◆ **What the exercise asks**: Each entry, as given, must be output unchanged.

Data records
Lemma Series_nonneg (b : nat -> R) :
  (forall k, 0 <= b k) -> ex_series b -> 0 <= Series b.
Proof.
  intros Hb Hbs. replace 0 with (0 * Series b) by ring.
  rewrite <- Series_scal_l. apply Series_le; auto.
  intro k; specialize (Hb k); lra.
Qed.

Lemma Series_abs_le_scal_plus (f p q : nat -> R) (c : R) :
  (forall k, Rabs (f k) <= p k * c + q k) -> ex_series p -> ex_series q ->
  Rabs (Series f) <= Series p * c + Series q.
Proof.
  intros Hf Hp Hq.
  assert (Hpc : ex_series (fun k => p k * c)) by now apply ex_series_scal_r.
  rewrite <- Series_scal_r, <- Series_plus by auto.
  apply Series_abs_le; auto. now apply ex_series_Rplus.
Qed.

Definition tail (N : nat) (d : nat -> R) : nat -> R :=
  fun k => if (k <? N)%nat then 0 else d k.

Lemma tail_lt N d k : (k < N)%nat -> tail N d k = 0.
Proof. intros Hk. unfold tail. now rewrite (proj2 (Nat.ltb_lt k N) Hk). Qed.

Lemma tail_ge N d k : (N <= k)%nat -> tail N d k = d k.
Proof. intros Hk. unfold tail. now rewrite (proj2 (Nat.ltb_ge k N) Hk). Qed.

Lemma tail_le N d k : (forall k, 0 <= d k) -> 0 <= tail N d k <= d k.
Proof. intros Hd; unfold tail; destruct (k <? N)%nat; specialize (Hd k); lra. Qed.

Lemma ex_series_tail N d : ex_series d -> ex_series (tail N d).
Proof.
  intros Hd. apply (ex_series_incr_n (V := R_NormedModule) _ N).
  apply (ex_series_ext (V := R_NormedModule) (fun k => d (N + k)%nat)).
  - intro k; symmetry; apply tail_ge; lia.
  - now apply (ex_series_incr_n (V := R_NormedModule)).
Qed.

◆ **Answer section**:
Lemma Series_nonneg (b : nat -> R) :
  (forall k, 0 <= b k) -> ex_series b -> 0 <= Series b.
Proof.
  intros Hb Hbs. replace 0 with (0 * Series b) by ring.
  rewrite <- Series_scal_l. apply Series_le; auto.
  intro k; specialize (Hb k); lra.
Qed.

Lemma Series_abs_le_scal_plus (f p q : nat -> R) (c : R) :
  (forall k, Rabs (f k) <= p k * c + q k) -> ex_series p -> ex_series q ->
  Rabs (Series f) <= Series p * c + Series q.
Proof.
  intros Hf Hp Hq.
  assert (Hpc : ex_series (fun k => p k * c)) by now apply ex_series_scal_r.
  rewrite <- Series_scal_r, <- Series_plus by auto.
  apply Series_abs_le; auto. now apply ex_series_Rplus.
Qed.

Definition tail (N : nat) (d : nat -> R) : nat -> R :=
  fun k => if (k <? N)%nat then 0 else d k.

Lemma tail_lt N d k : (k < N)%nat -> tail N d k = 0.
Proof. intros Hk. unfold tail. now rewrite (proj2 (Nat.ltb_lt k N) Hk). Qed.

Lemma tail_ge N d k : (N <= k)%nat -> tail N d k = d k.
Proof. intros Hk. unfold tail. now rewrite (proj2 (Nat.ltb_ge k N) Hk). Qed.

Lemma tail_le N d k : (forall k, 0 <= d k) -> 0 <= tail N d k <= d k.
Proof. intros Hd; unfold tail; destruct (k <? N)%nat; specialize (Hd k); lra. Qed.

Lemma ex_series_tail N d : ex_series d -> ex_series (tail N d).
Proof.
  intros Hd. apply (ex_series_incr_n (V := R_NormedModule) _ N).
  apply (ex_series_ext (V := R_NormedModule) (fun k => d (N + k)%nat)).
  - intro k; symmetry; apply tail_ge; lia.
  - now apply (ex_series_incr_n (V := R_NormedModule)).
Qed.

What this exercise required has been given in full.